2014 HN discussion: https://news.ycombinator.com/item?id=7149006
Using RSS to allow mirrors to host different subjects is really clever, although some of the categories seem quite large (>5TB). It may be worth breaking up each category (sharding) to keep each to 100GB or less so a volunteer can pick a couple and not worry about running out of disk when a category grows.
Then it would be good to track how many seeds each category-shard has so volunteers can help where it's most needed.
Incidentally, when the torrent file for your anime image collection passes 20MB, something has obviously gone very w̵r̵o̵n̵g̵ right.
There is no metadata - all you have is an awkward imprecise textual search of the abstract that comes with the data.

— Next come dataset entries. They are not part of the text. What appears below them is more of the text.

Lemma saturation_incl (S : AB -> Prop) w : S w -> saturation S w.
Proof. intros H D _ HS; auto. Qed.

Lemma saturation_least (S D : AB -> Prop) :
  saturated D -> (forall w, S w -> D w) -> forall w, saturation S w -> D w.
Proof. intros HD HS w H; apply H; auto. Qed.

Lemma saturation_mono (S T : AB -> Prop) :
  (forall z, S z -> T z) -> forall z, saturation S z -> saturation T z.
Proof.
  intros H; apply saturation_least; [apply saturation_saturated |].
  intros; apply saturation_incl; auto.
Qed.

Lemma saturated_and D E : saturated D -> saturated E -> saturated (fun z => D z /\ E z).
Proof.
  intros HD HE; constructor.
  - intros x y x' y' [H1 H2] Hx Hy; split; eapply sat_down; eauto.
  - intros S y H; split; apply sat_join_l; auto; intros x Hx; apply H; auto.
  - intros x S H; split; apply sat_join_r; auto; intros y Hy; apply H; auto.
  - intros x y c [H1 H2]; split; apply sat_shift_r; auto.
  - intros x y c [H1 H2]; split; apply sat_shift_l; auto.
Qed.

Lemma saturated_true : saturated (fun _ => True).
Proof. constructor; auto. Qed.

Definition down_closed (U : AB -> Prop) :=
  forall x y x' y', U (x, y) -> fle x' x -> fle y' y -> U (x', y').

Lemma saturated_down_closed D : saturated D -> down_closed D.
Proof. intros HD x y x' y' H1 H2 H3; eapply sat_down; eauto. Qed.

Definition pair_meet (z w : AB) : AB := (fmeet (fst z) (fst w), fmeet (snd z) (snd w)).

Lemma pair_meet_idem z : pair_meet z z = z.
Proof. destruct z as [x y]; unfold pair_meet; simpl; rewrite !fmeet_idem; reflexivity. Qed.

Lemma pair_meet_comm z w : pair_meet z w = pair_meet w z.
Proof.
  destruct z as [x y], w as [x' y']; unfold pair_meet; simpl.
  rewrite (fmeet_comm x), (fmeet_comm y); reflexivity.
Qed.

Good luck hosting the world's data that way.
Through the magic of cryptographic hash algorithms, you can just keep your data sets floating around “raw” (like in these torrents), and then, elsewhere, ascribe metadata to the hash of the content it is meant to annotate.
Then, later, you can reassemble them in either order—either by first finding a data set, hashing it, and then looking up metadata in some metadata-hosting service; or by first browsing a catalogue of indexed metadata, finding out about a dataset that meets your needs, and then retrieving the data set by its hash.

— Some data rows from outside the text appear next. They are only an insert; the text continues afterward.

(* Consider the corrupted Lipschitz contextual search problem with pricing loss described in the context, and let the learner run Algorithm 3 (described in the context) with discretization parameter $\eta_0=T^{-1/(d+1)}$ and agnostic-check schedule $\tau_0\ge 1$. Then for any unknown corruption budget $C$ (and every $L$-Lipschitz $f$, context sequence and adaptive corruption strategy with at most $C$ corrupted rounds), the total pricing loss is at most \[ L\cdot O\big(C\log T + T^{d/(d+1)}\log T + C\tau_0 + T/\tau_0\big). \] In particular, with $\tau_0=T^{1/(d+1)}$, the total pricing loss is at most $L\cdot \widetilde{O}\big(T^{d/(d+1)} + C\cdot T^{1/(d+1)}\big)$, where $\widetilde O$ hides logarithmic factors in $T$.
   Context: Problem. Fix $L>0$, $d\ge 1$, horizon $T\ge 2$. An adversary fixes an unknown $f:[0,1]^d\to[0,L]$ with $|f(x)-f(y)|\le L\|x-y\|_\infty$. In each round $t=1,\dots,T$: the adversary chooses $x_t\in[0,1]^d$; the learner observes $x_t$ and posts a guess (price) $q_t$; the adversary observes $q_t$ and sends $\sigma_t\in\{0,1\}$. With $\sigma(u)=1$ if $u>0$, $0$ if $u\le 0$: in uncorrupted rounds $\sigma_t=\sigma(q_t-f(x_t))$, in corrupted rounds $\sigma_t=1-\sigma(q_t-f(x_t))$; the adversary chooses adaptively (after seeing $q_t$) which rounds to corrupt, with at most $C$ corrupted rounds, $C$ unknown to the learner. The (unobserved) pricing loss of round $t$ is $\ell(q_t,f(x_t))=f(x_t)-q_t\cdot\mathbb{1}[q_t\le f(x_t)]$. $\mathtt{len}$ denotes length of an interval and side length of a hypercube. Subroutine $\mathtt{MidpointQuery}(I,Y)$, $Y=[a,b]$: guess $q=(a+b)/2$; if $\sigma_t=1$ return $Y\cap[0,q+L\,\mathtt{len}(I)]$, if $\sigma_t=0$ return $Y\cap[q-L\,\mathtt{len}(I),\infty)$. Algorithm 3. The learner uniformly partitions $[0,1]^d$ into hypercubes of side length $\Theta(\eta_0)$. Each hypercube $I_j$ has an associated range $Y_j$ (initially $[0,L]$) and a counter $c_j$ (initially $0$). In round $t$, let $I_j$ be the hypercube containing $x_t$. If $\mathtt{len}(Y_j)<10L\eta_0$ ($I_j$ is ''pricing-ready''): set $c_j:=c_j+1$; if $c_j>\tau_0$, guess $\max(Y_j)$ (a ''checking round'') and set $c_j:=0$; otherwise guess $\min(Y_j)$ (a ''pricing round''). The learner is ''surprised'' if in a checking round it receives $\sigma_t=0$ or in a pricing round it receives $\sigma_t=1$; when surprised it sets $Y_j:=[0,L]$ and $c_j:=0$. If $I_j$ is not pricing-ready, it performs a ''searching round'' $Y_j:=\mathtt{MidpointQuery}(I_j,Y_j)$. *)

From HB Require Import structures.
From mathcomp Require Import all_boot all_order all_algebra.
From mathcomp Require Import reals exp.
Set Implicit Arguments. Unset Strict Implicit. Unset Printing Implicit Defensive.
Import Order.TTheory GRing.Theory Num.Theory.
Local Open Scope ring_scope.
Lemma approxD_Phi d k : (0 < k)%N -> approxD d 'Phi_k.
Proof.
move=> k_gt0 B; have [p [p_pr p_gt p_k]] := exists_prime_gt_dvd_pred k (d + k) k_gt0.
have pk_gt0 : (0 < p * k)%N by rewrite muln_gt0 prime_gt0.
have [q [q_pr q_gt q_pk]] := exists_prime_gt_dvd_pred (p * k) (B + d + p * k) pk_gt0.
have p_ndvd_k : ~~ (p %| k)%N by rewrite gtnNdvd //; lia.
have q_ndvd_pk : ~~ (q %| p * k)%N by rewrite gtnNdvd //; lia.
have [e1 Phi_kp] := Cyclotomic_pair_sign_modX (d := d) p_pr ltac:(lia) p_ndvd_k k_gt0.
have [e2 Phi_pkq] := Cyclotomic_pair_sign_modX (d := d) q_pr ltac:(lia) q_ndvd_pk pk_gt0.
exists ((-1) ^+ (e1 + e2) * 'Phi_(q * (p * k))).
  apply: in_D_gt_signPhi; first by exists q, (p * k).
  by apply: leq_trans (leq_pmulr q pk_gt0); lia.
exact: congX_sign_cancel Phi_kp Phi_pkq.
Qed.

Lemma prod_Cyclotomic_ndvd n :
  (0 < n)%N -> \prod_(k <- divisors n.*2 | ~~ (k %| n)%N) 'Phi_k = 'X^n + 1.
Proof.
move=> n_gt0; have n2_gt0 : (0 < n.*2)%N by rewrite double_gt0.
have := prod_Cyclotomic n2_gt0; rewrite (bigID (dvdn^~ n)) /=.
have -> : \prod_(k <- divisors n.*2 | (k %| n)%N) 'Phi_k = 'X^n - 1.
  rewrite -big_filter -prod_Cyclotomic //; apply/perm_big/uniq_perm.
  - exact/filter_uniq/divisors_uniq.
  - exact: divisors_uniq.
  move=> k; rewrite mem_filter -!dvdn_divisors //; apply/andP/idP => [[] // | k_dvd_n].
  by split=> //; apply: dvdn_trans k_dvd_n _; rewrite -muln2 dvdn_mulr.
rewrite -muln2 exprM subr_sqr_1; apply: mulfI.
exact/monic_neq0/monic_Xn_sub_1.
Qed.

Lemma approxD_Xn_sub1 d n : (0 < n)%N -> approxD d ('X^n - 1).
Proof.
move=> n_gt0; rewrite -prod_Cyclotomic // big_seq; apply: approxD_prod => k.
by rewrite -dvdn_divisors // => /(dvdn_gt0 n_gt0); apply: approxD_Phi.
Qed.

Lemma approxD_Xn_add1 d n : (0 < n)%N -> approxD d ('X^n + 1).
Proof.
move=> n_gt0; rewrite -prod_Cyclotomic_ndvd // big_seq_cond; apply: approxD_prod => k.
case/andP; rewrite -dvdn_divisors ?double_gt0 // => /(dvdn_gt0 _) k_gt0 _.
by apply: approxD_Phi; apply: k_gt0; rewrite double_gt0.
Qed.

Lemma approxD_1addCX {n} (c : int) : (0 < n)%N -> approxD n.+1 (1 + c%:P * 'X^n).
Proof.
move=> n_gt0; have n1_le_2n : (n.+1 <= n.*2)%N by rewrite -addnn -addn1 leq_add2l.
have powE (P : {poly int}) : congX n.+1 ((1 + P * 'X^n) ^+ `|c|) (1 + P *+ `|c| * 'X^n).
  exact: congX_leq n1_le_2n (congX_1addX_exp _ _ _).
rewrite [c]intEsign -natz; case: (c < 0); rewrite ?expr0 ?expr1 ?mul1r ?mulN1r.
- rewrite -mulNrn polyCMn polyCN polyC1.
  apply: approxD_congX (congX_sym (powE (-1))) _.
  have -> : 1 + - 1 * 'X^n = (-1) ^+ 1 * ('X^n - 1) :> {poly int} by ring.
  exact/approxD_exp/approxD_mul/approxD_Xn_sub1/n_gt0/approxD_sign.
- rewrite polyCMn polyC1; apply: approxD_congX (congX_sym (powE 1)) _.
  rewrite mul1r addrC.
  exact/approxD_exp/approxD_Xn_add1.
Qed.

Lemma approxD_coef0_sign {e} {F : {poly int}} d : F`_0 = (-1) ^+ e -> approxD d.+1 F.
Proof.
move=> F0; elim: d => [|d IHd] B.
  exists (F`_0)%:P; last exact: congX1_coef0.
  by rewrite F0 rmorph_sign; apply: in_D_gt_sign.
(* With F = M1 + Q X^(d+1) and M1(0) = F(0) = +-1, the product
   M1 (1 + F(0) Q(0) X^(d+1)) agrees with F modulo X^(d+2). *)
have [M1 inM1 FM1] := IHd B; have [B' inM1M] := in_D_gtM inM1.
have M10 : M1`_0 = (-1) ^+ e by rewrite -F0 (congX_coef0 (ltn0Sn d) FM1).
case: FM1 => Q FM1.
pose c := (-1) ^+ e * Q`_0.
have [M2 inM2 M2E] := approxD_1addCX c (ltn0Sn d) B'.
exists (M1 * M2); first exact: inM1M.
apply: congX_trans (congXMl M1 M2E); rewrite mulrDr mulr1 mulrCA mulrA.
have -> : F = M1 + Q * 'X^(d.+1) by rewrite -FM1 addrC subrK.
apply: congXD (congXxx _ _) (congXMXn d.+1 (d := 1) _).
apply: congX_trans (congX1_coef0 Q) (congX_sym _).
have -> : (Q`_0)%:P = c%:P * (M1`_0)%:P.
  by rewrite -polyCM M10 /c mulrAC -expr2 sqrr_sign mul1r.
exact/congXMl/congX1_coef0.
Qed.

Theorem proposition7p3 (F : {poly int}) (d : nat) :
  (F`_0 = 1 \/ F`_0 = -1) -> (0 < d)%N ->
  exists M : {poly int}, in_D M /\ exists Q : {poly int}, F - M = Q * 'X^d.
Proof.
case: d => // d F0 _.
have [e F0e] : exists e, F`_0 = (-1) ^+ e by case: F0; [exists 0%N | exists 1%N].
have [M inM FM] := approxD_coef0_sign d F0e 0.
by exists M; split; [apply: in_D_gt_in_D inM | apply: FM].
Qed.
Record model_assumptions {Node : Type} (X : exec Node)
    (Nmin : nat) (alpha Delta D : R) : Prop := {
  D_pos : 0 < D;
  te_nonneg : forall p a, te X p = Some a -> 0 <= a;
  tl_after_te : forall p b, tl X p = Some b ->
    exists a, te X p = Some a /\ a < b;
  tc_after_te : forall p c, tc X p = Some c ->
    exists a, te X p = Some a /\ a <= c;
  tj_wf : forall p j, tj X p = Some j ->
    (exists a, te X p = Some a /\ a <= j) /\
    (forall b, tl X p = Some b -> j < b) /\
    (forall c, tc X p = Some c -> j <= c);
  S0_joined : forall p, S0 X p -> tj X p = Some 0;
  delivery : forall p t m q, bcast X p t m -> q <> p ->
    active_throughout X q t (t + D) ->
    exists t', t <= t' <= t + D /\ recv X q t' p m;
  N_min_bound : forall t, 0 <= t ->
    exists n, has_card (present X t) n /\ (Nmin <= n)%nat;
  churn : forall t n, 0 <= t -> has_card (present X t) n ->
    card_le (enters_or_leaves_in X t (t + D)) (alpha * INR n);
  failures : forall t n, 0 <= t -> has_card (present X t) n ->
    card_le (fun p => present X t p /\ crashed X t p) (Delta * INR n)
}.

Which is to say: with digital data, library science (creating metadata and chains-of-custody and indexing them for search) and archiving (ensuring access to pristine artifacts over time) don’t need to happen at the same time, in the same place. There can be separate “artifact hosting” and “metadata library” services. (Which is especially helpful in contexts where private IP is involved—you can still keep in your metadata library, the metadata for a data-set you don’t have the rights to; and those with the rights can go get the data-set themselves.)
> s that you don’t need to keep digital data’s metadata attached to the data “at the hip.”
You don't have to, but it's still mostly a good idea. But this stuff isn't either-or. We can have both.This is especially true for research oriented files, where consumers are often unable or unwilling to maintain a functional metadata store, and do a lot of manual file handling. Saying "well, somebody could have set up a super-awesome metadata system that track this" doesn't magically make those resources exist.
Library scientists might say archiving and structuring and curation are all facets of that science. And you'll also want a hash search engine that finds related hashes, as there can be many revisions + versions, only some of which have some metadata.
def get_labels(rightside):
met = {}
met['brain'] = (
1. * (rightside != 0).sum() / (rightside == 0).sum())
met['tumor'] = (
1. * (rightside > 2).sum() / ((rightside != 0).sum() + 1e-10))
met['has_enough_brain'] = met['brain'] > 0.30
met['has_tumor'] = met['tumor'] > 0.01
return met
I will say that it is very handy to know exactly how the labels were computed.What I really meant is a way to search and select data based on metadata. For example has_tumor.
Also note how everything is still one single blob, to get one line of any of the files, one would need to download everything.